6. Configure Both Lease Layers

The Bedrock lease protects job delivery. The Squidie heartbeat protects the workflow attempt claimed by execute_next/1:

config :my_app, MyApp.Jobs.SquidiePayload,
journal_heartbeat_interval_ms: 10_000,
max_journal_attempts: 50

Do not enqueue one Bedrock job per workflow step, and do not model workflow step retries as Bedrock job retries. A normal step failure, retry, or terminal run is durable Squidie state returned by Squidie.execute_next/1.

Treat {:ok, snapshot} from execute_next/1 as successful host-worker progress even when the snapshot describes a failed workflow run. Return {:error, reason} to Bedrock only when payload delivery or the host drain itself failed and should be redelivered.

For the concrete setup, see Bedrock Lease Backend Setup and the Bedrock Minimal Host App.

Workflows

Workflows are Elixir modules. A trigger declares the entrypoint and validates the payload before the run is persisted.

Steps declare their inputs, outputs, retry policy, and compensation behavior.

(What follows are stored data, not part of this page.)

(* Let $M,N\in\mathbb{S}^{q+r}$ with $N\in\boldsymbol{\Pi}_{q,r}$. (a) Assume $N$ has at least one positive eigenvalue. Then $\mathcal{Z}_r(N)\subseteq\mathcal{Z}_r(M)$ if and only if $x^\top Mx\ge 0$ for all $x\in\mathbb{R}^{q+r}$ satisfying $x^\top Nx\ge 0$. (b) Assume $N_{22}<0$. Then $\mathcal{Z}_r(N)\subseteq\mathcal{Z}_r^+(M)$ if and only if $x^\top Mx>0$ for all nonzero $x\in\mathbb{R}^{q+r}$ satisfying $x^\top Nx\ge 0$.
   Context: $\mathbb{S}^k$ denotes the real symmetric $k\times k$ matrices; for symmetric matrices, $A\ge 0$ ($A>0$) means positive semidefinite (definite), $A<0$ negative definite. $A^\dagger$ is the Moore–Penrose pseudo-inverse. Any $N\in\mathbb{S}^{q+r}$ is partitioned as $N=\begin{bmatrix}N_{11}&N_{12}\\ N_{21}&N_{22}\end{bmatrix}$ with $N_{11}\in\mathbb{S}^q$, $N_{22}\in\mathbb{S}^r$ (same for $M$). The generalized Schur complement is $N\mid N_{22}:=N_{11}-N_{12}N_{22}^\dagger N_{21}$. The set $\boldsymbol{\Pi}_{q,r}$ consists of all $N\in\mathbb{S}^{q+r}$ with $N_{22}\le 0$, $N\mid N_{22}\ge 0$ and $\ker N_{22}\subseteq\ker N_{12}$. Define $\mathcal{Z}_r(\Pi)=\{Z\in\mathbb{R}^{r\times q}:\begin{bmatrix}I_q\\ Z\end{bmatrix}^\top\Pi\begin{bmatrix}I_q\\ Z\end{bmatrix}\ge 0\}$ and $\mathcal{Z}_r^+(\Pi)$ the same with $>0$. *)

From HB Require Import structures.
From mathcomp Require Import all_boot all_order all_algebra.
From mathcomp Require Import reals.
Set Implicit Arguments. Unset Strict Implicit. Unset Printing Implicit Defensive.
Import Order.TTheory GRing.Theory Num.Theory.
Local Open Scope ring_scope.

Section Defs.
Variable R : realType.

Definition sym_mx n (A : 'M[R]_n) : Prop := A^T = A.

Definition qform n (A : 'M[R]_n) (x : 'cV[R]_n) : R := (x^T *m A *m x) 0 0.

Definition psd n (A : 'M[R]_n) : Prop := forall x : 'cV[R]_n, 0 <= qform A x.
Definition pd n (A : 'M[R]_n) : Prop := forall x : 'cV[R]_n, x != 0 -> 0 < qform A x.
Definition nsd n (A : 'M[R]_n) : Prop := forall x : 'cV[R]_n, qform A x <= 0.
Definition nd n (A : 'M[R]_n) : Prop := forall x : 'cV[R]_n, x != 0 -> qform A x < 0.

Definition is_MP_inverse m n (A : 'M[R]_(m, n)) (X : 'M[R]_(n, m)) : Prop :=
  [/\ A *m X *m A = A, X *m A *m X = X, (A *m X)^T = A *m X & (X *m A)^T = X *m A].

Definition schur_psd q r (N : 'M[R]_(q + r)) : Prop :=
  exists X : 'M[R]_r, is_MP_inverse (drsubmx N) X /\
    psd (ulsubmx N - ursubmx N *m X *m dlsubmx N).

Definition Pi_set q r (N : 'M[R]_(q + r)) : Prop :=
  [/\ sym_mx N, nsd (drsubmx N), schur_psd N &
      forall x : 'cV[R]_r, drsubmx N *m x = 0 -> ursubmx N *m x = 0].

Definition IZ q r (Z : 'M[R]_(r, q)) : 'M[R]_(q + r, q) := col_mx 1%:M Z.

Definition Zset q r (P : 'M[R]_(q + r)) (Z : 'M[R]_(r, q)) : Prop :=
  psd ((IZ Z)^T *m P *m IZ Z).
Definition Zset_pos q r (P : 'M[R]_(q + r)) (Z : 'M[R]_(r, q)) : Prop :=
  pd ((IZ Z)^T *m P *m IZ Z).

End Defs.

From HB Require Import structures.
From mathcomp Require Import all_boot all_order all_algebra.
From mathcomp Require Import reals ring lra.

(* Every [x] with [x^T N x >= 0] and nonzero top block [xi] lies on the graph of
   some [Z] in [Z_r(N)]: writing [x^T N x = xi^T P xi + (eta + K xi)^T N22 (eta + K xi)]
   with [P = N | N22 >= 0], one takes [Z = -K + z l] with [z = eta + K xi] and a
   row [l] normalised by [l xi = 1] and chosen so that [P + l^T l z^T N22 z >= 0].
   Hence inclusions of [Z_r(N)] transfer to such [x].  The vectors with [xi = 0]
   are handled either by a limiting argument along [(x1, -K x1) + t (0, eta)]
   (which needs [q > 0], a consequence of [N] having a positive eigenvalue while
   [N22 <= 0]) or, when [N22 < 0], by the fact that they are [N]-negative. *)

Set Implicit Arguments. Unset Strict Implicit. Unset Printing Implicit Defensive.
Import Order.TTheory GRing.Theory Num.Theory.
Local Open Scope ring_scope.

Section QuadraticForms.
Variable R : realType.

Definition polar n (M : 'M[R]_n) (y z : 'cV[R]_n) : R :=
  (y^T *m M *m z + z^T *m M *m y) 0 0.

Lemma polarC n (M : 'M[R]_n) y z : polar M y z = polar M z y.
Proof. by rewrite /polar addrC. Qed.

Lemma polarE n (M : 'M[R]_n) y z : (y^T *m (M + M^T) *m z) 0 0 = polar M y z.
Proof.
rewrite /polar mulmxDr mulmxDl [in RHS]mxE [in LHS]mxE; congr (_ + _).
have -> : y^T *m M^T *m z = (z^T *m M *m y)^T by rewrite !trmx_mul trmxK mulmxA.
by rewrite [LHS]mxE.
Qed.

Lemma polar_diag n (M : 'M[R]_n) y : polar M y y = 2 * qform M y.
Proof. by rewrite /polar /qform mxE; lra. Qed.

Lemma qformZ n (M : 'M[R]_n) c z : qform M (c *: z) = c ^+ 2 * qform M z.
Proof.
rewrite /qform [(c *: z)^T]linearZ /= -!scalemxAl -!scalemxAr scalerA [LHS]mxE.
by rewrite expr2.
Qed.

Lemma qformDZ n (M : 'M[R]_n) y z t :
  qform M (y + t *: z) = qform M y + t * polar M y z + t ^+ 2 * qform M z.
Proof.
rewrite /qform /polar [(y + _)^T]linearD /= [(t *: z)^T]linearZ /=.
rewrite !mulmxDl !mulmxDr -!scalemxAl -!scalemxAr scalerA.
move: (y^T *m M *m y) (y^T *m M *m z) (z^T *m M *m y) (z^T *m M *m z) => a b c d.
by rewrite !mxE expr2; ring.
Qed.

Lemma qform_mulmx m n (A : 'M[R]_(m, n)) (M : 'M[R]_m) v :
  qform (A^T *m M *m A) v = qform M (A *m v).
Proof. by rewrite /qform trmx_mul !mulmxA. Qed.

Lemma qform_col0_mx q r (N : 'M[R]_(q + r)) eta :
  qform N (col_mx 0 eta) = qform (drsubmx N) eta.
Proof.
rewrite /qform -{1}(submxK N) tr_col_mx trmx0 mul_row_block mul_row_col.
by rewrite !mul0mx mulmx0 !add0r.
Qed.

Lemma trmx_mul_self_gt0 n (x : 'cV[R]_n) : x != 0 -> 0 < (x^T *m x) 0 0.
Proof.
move=> x_neq0; rewrite mxE.
have [i xi_neq0 | x_eq0] := pickP (fun i => x i 0 != 0); last first.
  case/eqP: x_neq0; apply/matrixP=> i j; rewrite !ord1 mxE.
  by move/negbFE/eqP: (x_eq0 i).
rewrite (bigD1 i) //= ltr_pwDl ?sumr_ge0 // => [|k _].
  by rewrite mxE -expr2 exprn_even_gt0.
by rewrite mxE -expr2 sqr_ge0.
Qed.

Lemma cV_row_inverse n (x : 'cV[R]_n) : x != 0 -> exists l : 'rV[R]_n, l *m x = 1.
Proof.
move=> x_neq0; have x2_gt0 := trmx_mul_self_gt0 x_neq0.
exists (((x^T *m x) 0 0)^-1 *: x^T).
apply/matrixP=> i j; rewrite !ord1 -scalemxAl [LHS]mxE mulVf ?gt_eqF //.
by rewrite mxE.
Qed.

Lemma cV_neq0 n : (0 < n)%N -> exists x : 'cV[R]_n, x != 0.
Proof.
case: n => // n _; exists (delta_mx ord0 0).
by apply/negP => /eqP/matrixP/(_ ord0 0); rewrite !mxE !eqxx => /eqP; rewrite oner_eq0.
Qed.

Lemma quadratic_ge0_lead_ge0 (a b c : R) :
  (forall t, 0 <= c + t * b + t ^+ 2 * a) -> 0 <= a.
Proof.
move=> quad_ge0; rewrite leNgt; apply/negP => a_lt0.
pose g := `|c|; pose s := 1 + g / - a.
have s_ge1 : 1 <= s by rewrite /s lerDl divr_ge0 ?normr_ge0 // oppr_ge0 ltW.
have as_eq : a * s = a - g by rewrite /s; field; rewrite lt_eqF.
have g_ge0 : 0 <= g := normr_ge0 c.
have c_le : c <= g := ler_norm c.
have := quad_ge0 s; have := quad_ge0 (- s).
nra.
Qed.

Lemma mulmx_kerS r q (D : 'M[R]_r) (B : 'M[R]_(q, r)) :
  (forall x : 'cV[R]_r, D *m x = 0 -> B *m x = 0) ->
  forall k (Y : 'M[R]_(r, k)), D *m Y = 0 -> B *m Y = 0.
Proof.
move=> kerS k Y DY0; apply/matrixP=> i j.
have := kerS (col j Y); rewrite !colE mulmxA DY0 mul0mx => /(_ erefl).
by move/(congr1 (fun v : 'cV[R]_q => v i 0)); rewrite mulmxA -colE !mxE.
Qed.

Lemma psd_rank_one_update n (P : 'M[R]_n) (x : 'cV[R]_n) (d : R) :
  psd P -> x != 0 -> d <= 0 -> 0 <= qform P x + d ->
  exists l : 'rV[R]_n, l *m x = 1 /\ forall v, 0 <= qform P v + ((l *m v) 0 0) ^+ 2 * d.
Proof.
move=> P_psd x_neq0 d_le0 Pxd_ge0.
have [Px0 | Px_neq0] := eqVneq (qform P x) 0.
  have -> : d = 0 by lra.
  have [l lx1] := cV_row_inverse x_neq0.
  by exists l; split=> // v; rewrite mulr0 addr0.
set a := qform P x in Px_neq0 Pxd_ge0 *.
have a_gt0 : 0 < a by rewrite lt_neqAle eq_sym Px_neq0 P_psd.
(* [l v] is the coefficient of the P-orthogonal projection of [v] onto [x] *)
exists ((2 * a)^-1 *: (x^T *m (P + P^T))); split.
  apply/matrixP=> i j; rewrite !ord1 -scalemxAl [LHS]mxE polarE polar_diag mxE /=.
  by apply: mulVf; rewrite mulf_neq0 // gt_eqF.
move=> v; rewrite -scalemxAl [X in X ^+ 2]mxE polarE.
set b := polar P x v; set w := (2 * a)^-1 * b.
have b_eq : b = 2 * a * w by rewrite /w mulrA mulfV ?mul1r // mulf_neq0 // gt_eqF.
have := P_psd (v + (- w) *: x); rewrite qformDZ polarC -/b -/a => proj_ge0.
have -> : qform P v + w ^+ 2 * d =
    (qform P v + - w * b + (- w) ^+ 2 * a) + w ^+ 2 * (a + d).
  by rewrite b_eq; ring.
by rewrite addr_ge0 // mulr_ge0 ?sqr_ge0.
Qed.

End QuadraticForms.

Section PiSet.
Variables (R : realType) (q r : nat).
Implicit Types (M N : 'M[R]_(q + r)).

Lemma qform_col_mx_schur N (X : 'M[R]_r) :
  N^T = N -> drsubmx N *m X *m dlsubmx N = dlsubmx N ->
  forall xi eta, qform N (col_mx xi eta) =
   qform (ulsubmx N - ursubmx N *m X *m dlsubmx N) xi
   + qform (drsubmx N) (eta + X *m dlsubmx N *m xi).
Proof.
move=> N_sym DXC xi eta.
set A := ulsubmx N; set B := ursubmx N; set C := dlsubmx N; set D := drsubmx N.
have D_sym : D^T = D by rewrite /D trmx_drsub N_sym.
have BtC : B^T = C by rewrite /B trmx_ursub N_sym.
set u := X *m C *m xi.
have Du : D *m u = C *m xi by rewrite /u !mulmxA DXC.
have uD : u^T *m D = xi^T *m B by rewrite -D_sym -trmx_mul Du trmx_mul -BtC trmxK.
rewrite /qform -{1}(submxK N) tr_col_mx mul_row_block mul_row_col -/A -/B -/C -/D.
have -> : (xi^T *m A + eta^T *m C) *m xi + (xi^T *m B + eta^T *m D) *m eta =
    xi^T *m (A - B *m X *m C) *m xi + (eta + u)^T *m D *m (eta + u).
  have BXC : xi^T *m (B *m X *m C) *m xi = xi^T *m B *m u by rewrite /u !mulmxA.
  rewrite mulmxBr mulmxBl BXC [(eta + u)^T]linearD /= !mulmxDl uD !mulmxDr.
  rewrite -[eta^T *m D *m u]mulmxA Du !mulmxA.
  move: (xi^T *m A *m xi) (eta^T *m C *m xi) (xi^T *m B *m eta)
    (eta^T *m D *m eta) (xi^T *m B *m X *m C *m xi) => a b c d e.
  by apply/matrixP=> i j; rewrite !mxE; lra.
by rewrite [LHS]mxE.
Qed.

(* The kernel condition of [Pi_{q,r}] says [N21] lies in the range of [N22]. *)
Lemma MP_inverse_range N (X : 'M[R]_r) :
  N^T = N -> is_MP_inverse (drsubmx N) X ->
  (forall x : 'cV[R]_r, drsubmx N *m x = 0 -> ursubmx N *m x = 0) ->
  drsubmx N *m X *m dlsubmx N = dlsubmx N.
Proof.
move=> N_sym [DXD _ _ _] kerS.
set B := ursubmx N; set C := dlsubmx N; set D := drsubmx N.
have D_sym : D^T = D by rewrite /D trmx_drsub N_sym.
have BtC : B^T = C by rewrite /B trmx_ursub N_sym.
have DXtD : D *m X^T *m D = D.
  by have := congr1 trmx DXD; rewrite !trmx_mul D_sym mulmxA.
have D_ann : D *m (1%:M - X^T *m D) = 0 by rewrite mulmxBr mulmx1 mulmxA DXtD subrr.
have /eqP := mulmx_kerS kerS D_ann; rewrite mulmxBr mulmx1 subr_eq0 => /eqP BXD.
have := congr1 trmx BXD; rewrite -/B !trmx_mul trmxK D_sym BtC => CXD.
by rewrite -CXD.
Qed.

Lemma Pi_set_qform_decomposition N : Pi_set N ->
  exists (P : 'M[R]_q) (K : 'M[R]_(r, q)), psd P /\ forall xi eta,
    qform N (col_mx xi eta) = qform P xi + qform (drsubmx N) (eta + K *m xi).
Proof.
case=> N_sym _ [X [X_MP P_psd]] kerS.
exists (ulsubmx N - ursubmx N *m X *m dlsubmx N), (X *m dlsubmx N).
split=> // xi eta; exact/qform_col_mx_schur/MP_inverse_range.
Qed.

Lemma qform_IZ (M : 'M[R]_(q + r)) (Z : 'M[R]_(r, q)) v :
  qform ((IZ Z)^T *m M *m IZ Z) v = qform M (col_mx v (Z *m v)).
Proof. by rewrite qform_mulmx /IZ mul_col_mx mul1mx. Qed.

Lemma Zset_graph N xi eta : Pi_set N -> xi != 0 -> 0 <= qform N (col_mx xi eta) ->
  exists Z : 'M[R]_(r, q), Zset N Z /\ Z *m xi = eta.
Proof.
move=> N_Pi xi_neq0; have [_ D_nsd _ _] := N_Pi.
have [P [K [P_psd NE]]] := Pi_set_qform_decomposition N_Pi.
rewrite NE; set z := eta + K *m xi => Nx_ge0.
have [l [lxi1 l_ge0]] := psd_rank_one_update P_psd xi_neq0 (D_nsd z) Nx_ge0.
exists (- K + z *m l); split.
  move=> v; rewrite qform_IZ NE mulmxDl mulNmx addrAC addNr add0r -mulmxA.
  by rewrite [l *m v]mx11_scalar mul_mx_scalar qformZ.
by rewrite mulmxDl mulNmx -mulmxA lxi1 mulmx1 /z addrC addrK.
Qed.

Lemma eigenvalue_gt0_top_gt0 N :
  nsd (drsubmx N) -> (exists a : R, 0 < a /\ eigenvalue N a) -> (0 < q)%N.
Proof.
move=> D_nsd [a [a_gt0 /eigenvalueP [v vN v_neq0]]].
rewrite ltnNge; apply/negP => q_le0.
have top0 : usubmx v^T = 0.
  by apply/matrixP=> i; have := leq_trans (ltn_ord i) q_le0.
have Nv : qform N v^T = a * (v *m v^T) 0 0 by rewrite /qform trmxK vN -scalemxAl mxE.
have := D_nsd (dsubmx v^T); rewrite -qform_col0_mx -top0 vsubmxK Nv.
have := trmx_mul_self_gt0 (x := v^T); rewrite trmx_eq0 trmxK => /(_ v_neq0) v2_gt0.
by rewrite leNgt pmulr_rgt0 ?v2_gt0.
Qed.

Lemma Zset_sub_qform_ge0 M N : Pi_set N -> (0 < q)%N ->
  (forall Z, Zset N Z -> Zset M Z) ->
  forall x, 0 <= qform N x -> 0 <= qform M x.
Proof.
move=> N_Pi q_gt0 sub x; rewrite -(vsubmxK x).
have top_ge0 xi eta : xi != 0 -> 0 <= qform N (col_mx xi eta) -> 0 <= qform M (col_mx xi eta).
  move=> xi_neq0 /(Zset_graph N_Pi xi_neq0) [Z [ZN <-]].
  by rewrite -qform_IZ; apply: sub.
have [xi0 | xi_neq0] := eqVneq (usubmx x) 0; last exact: top_ge0.
rewrite xi0 qform_col0_mx; set eta := dsubmx x => Deta_ge0.
have [P [K [P_psd NE]]] := Pi_set_qform_decomposition N_Pi.
have [x1 x1_neq0] := cV_neq0 R q_gt0.
set y := col_mx x1 (- (K *m x1)).
apply: (quadratic_ge0_lead_ge0 (b := polar M y (col_mx 0 eta)) (c := qform M y)) => t.
rewrite -qformDZ scale_col_mx add_col_mx scaler0 addr0; apply: top_ge0 => //.
rewrite NE addrAC addNr add0r qformZ.
by rewrite addr_ge0 // mulr_ge0 ?sqr_ge0.
Qed.

Lemma Zset_sub_pos_qform_gt0 M N : Pi_set N -> nd (drsubmx N) ->
  (forall Z, Zset N Z -> Zset_pos M Z) ->
  forall x, x != 0 -> 0 <= qform N x -> 0 < qform M x.
Proof.
move=> N_Pi D_nd sub x; rewrite -(vsubmxK x).
have [xi0 | xi_neq0] := eqVneq (usubmx x) 0.
  rewrite xi0 col_mx_eq0 eqxx qform_col0_mx => eta_neq0.
  by rewrite leNgt D_nd.
move=> _ /(Zset_graph N_Pi xi_neq0) [Z [ZN <-]].
by rewrite -qform_IZ; apply: sub.
Qed.

Lemma qform_ge0_Zset_sub M N :
  (forall x, 0 <= qform N x -> 0 <= qform M x) ->
  forall Z, Zset N Z -> Zset M Z.
Proof. by move=> NM Z ZN v; rewrite qform_IZ NM // -qform_IZ. Qed.

Lemma qform_gt0_Zset_pos_sub M N :
  (forall x, x != 0 -> 0 <= qform N x -> 0 < qform M x) ->
  forall Z, Zset N Z -> Zset_pos M Z.
Proof.
move=> NM Z ZN v v_neq0; rewrite qform_IZ NM ?col_mx_eq0 ?negb_and ?v_neq0 //.
by rewrite -qform_IZ.
Qed.

End PiSet.

Theorem mainTheorem7 (R : realType) (q r : nat) (M N : 'M[R]_(q + r)) :
  sym_mx M -> sym_mx N -> Pi_set N ->
  ((exists a : R, 0 < a /\ eigenvalue N a) ->
     ((forall Z : 'M[R]_(r, q), Zset N Z -> Zset M Z) <->
      (forall x : 'cV[R]_(q + r), 0 <= qform N x -> 0 <= qform M x)))
  /\
  (nd (drsubmx N) ->
     ((forall Z : 'M[R]_(r, q), Zset N Z -> Zset_pos M Z) <->
      (forall x : 'cV[R]_(q + r), x != 0 -> 0 <= qform N x -> 0 < qform M x))).
Proof.
move=> _ _ N_Pi; have [_ D_nsd _ _] := N_Pi.
split=> [pos_eig | D_nd]; split.
- exact/Zset_sub_qform_ge0/(eigenvalue_gt0_top_gt0 D_nsd).
- exact: qform_ge0_Zset_sub.
- exact: Zset_sub_pos_qform_gt0.
- exact: qform_gt0_Zset_pos_sub.
Qed.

Transitions wire them together.

This workflow demonstrates manual gates, approval flows, conditional routing, retries, saga compensation, and irreversible steps:

defmodule MiddleEarth.Workflows.RingErrand do
use Squidie.Workflow
workflow do
trigger :leave_shire do
manual()
payload do
field :bearer, :string, default: "Frodo"
field :ring_id, :string
field :route_preference, :string, default: "moria"
end
end
step :pack_provisions, Hobbiton.Steps.PackProvisions,
output: :provisions
step :hide_at_prancing_pony, :pause
approval_step :council_vote,
output: :council,
deadline: [within: 300_000, due_soon: 60_000, escalation: :operator_action]
step :choose_path, Rivendell.Steps.ChoosePath,
input: [bearer: [:bearer], decision: [:council, :decision]],
output: :route
step :cross_moria, Fellowship.Steps.CrossMoria,
input: [:bearer, :provisions, :route],
retry: [max_attempts: 3, backoff: [type: :exponential]],
deadline: [within: 30_000, due_soon: 5_000, escalation: :diagnostic]
step :reserve_eagle, Eagles.Steps.ReserveRide,
compensate: Eagles.Steps.CancelRide
step :toss_ring, Mordor.Steps.TossRing,
irreversible: true
transition :pack_provisions, on: :ok, to: :hide_at_prancing_pony
transition :hide_at_prancing_pony, on: :ok, to: :council_vote
transition :council_vote, on: :ok, to: :choose_path
transition :choose_path, on: :ok, to: :cross_moria
transition :cross_moria, on: :ok, to: :reserve_eagle
transition :cross_moria, on: :error, to: :complete, recovery: :undo
transition :reserve_eagle, on: :ok, to: :toss_ring
transition :toss_ring, on: :ok, to: :complete
end
end

Steps and approvals can declare diagnostic deadlines with deadline: [...]. Squidie persists the due timestamps in runnable and manual-control facts and surfaces evaluated states such as :on_time, :due_soon, :overdue, and :escalated through list_runs/2, inspect_run/2, inspect_run_graph/2, and explain_run/2. Alert delivery, paging, and operator escalation remain host-owned; the runtime only records durable deadline evidence and safe next actions.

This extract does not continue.